Partially. If using struct_ops, I think we'll need another structure
like the following in bpf qdisc to be implemented with struct_ops bpf:

struct bpf_qdisc_ops {
     int (*enqueue) (struct sk_buff *skb)
     void (*dequeue) (void)
     void (*init) (void)
     void (*reset) (void)
};

Then, Qdisc_ops will wrap around them to handle things that cannot be
implemented with bpf (e.g., sch_tree_lock, returning a skb ptr).

We can see how those limitations (calling sch_tree_lock() and returning a ptr) 
can be addressed in bpf. This will also help other similar use cases.

Other than sch_tree_lock and returning a ptr from a bpf prog. What else do you 
see that blocks directly implementing the enqueue/dequeue/init/reset in the 
struct Qdisc_ops?

Have you thought above ".priv_size"? It is now fixed to sizeof(struct 
bpf_sched_data). It should be useful to allow the bpf prog to store its own data 
there?

If other ops (like ".dump", ".dump_stats"...) do not have good use case to be
programmable in bpf, it can stay with the kernel implementation for now and only
allows the userspace to load the a bpf Qdisc_ops with .equeue/dequeue/init/reset
implemented.

You mentioned in the cover letter that:
"Current struct_ops attachment model does not seem to support replacing only
functions of a specific instance of a module, but I might be wrong."
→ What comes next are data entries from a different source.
Lemma W2_omega_preimage w : W2 p z w -> exists a, inGR p z a /\ forall j, omega p z a j = w j.
Proof.
case=> zs [Rzs [tdvd_zs def_w]].
have Vqnat_unit : Vqnat \in unitmx by rewrite unitmxE unitfE det_Vqnat_neq0.
pose a := invmx Vqnat *m \col_k zs k.
have zsE k : zs k = moments (fun m => a m 0) k.
  have := congr1 (fun B : 'cV_n => B k 0) (mulKVmx Vqnat_unit (\col_k zs k)).
  by rewrite /= !mxE => <-; apply: eq_bigr => m _; rewrite mxE mulrC.
have RdetVa m : inZz z (\det Vqnat * a m 0).
  apply: (rprop_det_mul_col (inZz_subring z)) => [k l | k].
    by rewrite mxE; apply/inZzX/inZz_qnat.
  by rewrite mulKVmx // mxE.
have Rpa : forall m, Rp (a m 0).
  apply: inZpz_of_moments => [m | d]; first exact/inZz_inZpz/RdetVa.
  have d_mod_lt : (d %% p < p)%N by rewrite ltn_pmod ?prime_gt0.
  have d_div_lt : (d %/ p < p)%N by rewrite ltn_divLR ?prime_gt0 // -expnSr ltn_ord.
  rewrite -peval_moments; last exact: leq_trans (size_gpoly d) (ltn_ord d).
  have -> : peval n (gpoly d) (moments (fun m => a m 0)) = peval n (gpoly d) zs.
    by apply: eq_bigr => k _; rewrite zsE.
  exact: tdvd_zs.
exists (fun m => a m 0); split=> [m | j]; last first.
  by rewrite def_w -omega_xi; apply: eq_bigr => k _; rewrite zsE.
have [k [c Rc detVc]] := det_Vqnat_dvd_pX.
apply: (@inZpz_inZz _ k (Rpa m)); rewrite -detVc mulrAC.
exact: inZzM (RdetVa m) Rc.
Qed.

Lemma W1_W0 w : W1 p z w -> W0 p z w.
Proof.
case=> zs [Rzs def_w] j; rewrite def_w; apply: inZz_sum => k _; apply: inZzM (Rzs k) _.
apply: inZzM; last exact: inZz_nat.
by apply: inZzM; apply: inZzX; [apply/inZzN/inZz1 | apply: inZz_t].
Qed.

Lemma omegaD (a b : 'I_n -> algC) j :
  omega p z (fun i => a i + b i) j = omega p z a j + omega p z b j.
Proof. by rewrite /omega -big_split; apply: eq_bigr => i _; rewrite mulrDl. Qed.

Lemma omegaM (a b : 'I_n -> algC) j :
  omega p z (grmul p a b) j = omega p z a j * omega p z b j.
Proof.
rewrite /omega /grmul mulr_suml.
under eq_bigr => k _ do rewrite mulr_suml.
rewrite exchange_big /=; apply: eq_bigr => i _.
rewrite mulr_sumr; under eq_bigr => k _ do rewrite mulr_suml.
rewrite (exchange_big_dep xpredT) //=; apply: eq_bigr => i' _.
have lt_mod_n : ((i + i') %% n < n)%N by rewrite ltn_pmod // (ltn_trans _ n_gt1).
rewrite (big_pred1 (Ordinal lt_mod_n)) => [|k]; last by rewrite /= eq_sym.
by rewrite /= exprM prim_expr_mod // -exprM mulnDl exprD; ring.
Qed.

Lemma omega_inj (a b : 'I_n -> algC) :
  (forall j, omega p z a j = omega p z b j) -> forall i, a i = b i.
Proof.
move=> eq_ab i.
pose Vz : 'M[algC]_n := \matrix_(j, k) z ^+ (k * j).
have Vz_unit : Vz \in unitmx.
  have -> : Vz = Vandermonde n (\row_(k < n) z ^+ k).
    by apply/matrixP => j k; rewrite !mxE exprM.
  rewrite unitmxE unitfE det_Vandermonde; apply/prodf_neq0 => k _.
  apply/prodf_neq0 => l lt_kl; rewrite !mxE subr_eq0; apply/eqP => /zX_inj eq_lk.
  by move: lt_kl; rewrite eq_lk ?ltnn.
pose c : 'cV_n := \col_k (a k - b k).
have Vzc : Vz *m c = 0.
  apply/matrixP => j k; rewrite !mxE.
  transitivity (\sum_(l < n) (a l * z ^+ (l * j) - b l * z ^+ (l * j))).
    by apply: eq_bigr => l _; rewrite !mxE; ring.
  by rewrite sumrB; apply/eqP; rewrite subr_eq0; apply/eqP; exact: eq_ab j.
have /matrixP/(_ i 0) : c = 0 by rewrite -(mulKmx Vz_unit c) Vzc mulmx0.
by rewrite !mxE => /eqP; rewrite subr_eq0 => /eqP.
Qed.

End CyclotomicPSquare.

Theorem proposition3p28 (p : nat) (z : algC) :
  prime p -> (p ^ 2).-primitive_root z ->
  [/\ (forall w, W2 p z w -> W1 p z w),
      (forall w, W1 p z w -> W0 p z w),
      (forall (a b : 'I_(p ^ 2) -> algC) (j : 'I_(p ^ 2)),
         omega p z (fun i => a i + b i) j = omega p z a j + omega p z b j),
      (forall (a b : 'I_(p ^ 2) -> algC) (j : 'I_(p ^ 2)),
         omega p z (grmul p a b) j = omega p z a j * omega p z b j)
    & (forall a b, inGR p z a -> inGR p z b ->
         (forall j, omega p z a j = omega p z b j) -> forall i, a i = b i)] /\
  (forall w, W2 p z w <->
     exists a, inGR p z a /\ forall j, omega p z a j = w j).
Proof.
move=> p_pr z_prim; split; first split.
- by move=> w [zs [Rzs [_ def_w]]]; exists zs.
- by move=> w; apply: W1_W0.
- by move=> a b j; apply: omegaD.
- by move=> a b j; apply: (omegaM p_pr z_prim).
- by move=> a b _ _; apply: (omega_inj z_prim).
move=> w; split; first exact: (W2_omega_preimage p_pr z_prim).
by case=> a [Ra def_w]; apply: (omega_W2 p_pr z_prim Ra def_w).
Qed.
I assumed you meant allow bpf to replace only "some" ops of the Qdisc_ops? Yes,
it can be done through the struct_ops's ".init_member". Take a look at
bpf_tcp_ca_init_member. The kernel can assign the kernel implementation for
".dump" (for example) when loading the bpf Qdisc_ops.

I have no problem with partially replacing a struct, which like you
mentioned has been demonstrated by congestion control or sched_ext.
What I am not sure about is the ability to create multiple bpf qdiscs,
where each has different ".enqueue", ".dequeue", and so on. I like the
struct_ops approach and would love to try it if struct_ops support
this.

The need for allowing different ".enqueue/.dequeue/..." bpf 
(BPF_PROG_TYPE_QDISC) programs loaded into different qdisc instances is because 
there is only one ".id == bpf" Qdisc_ops native kernel implementation which is 
then because of the limitation you mentioned above?

Am I understanding your reason correctly on why it requires to load different 
bpf prog for different qdisc instances?

If the ".enqueue/.dequeue/..." in the "struct Qdisc_ops" can be directly 
implemented in bpf prog itself, it can just load another bpf struct_ops which 
has a different ".enqueue/.dequeue/..." implementation:

#> bpftool struct_ops register bpf_simple_fq_v1.bpf.o
#> bpftool struct_ops register bpf_simple_fq_v2.bpf.o
#> bpftool struct_ops register bpf_simple_fq_xyz.bpf.o

From reading the test bpf prog, I think the set is on a good footing. Instead 
of working around the limitation by wrapping the bpf prog in a predefined 
"struct Qdisc_ops sch_bpf_qdisc_ops", lets first understand what is missing in 
bpf and see how we could address them.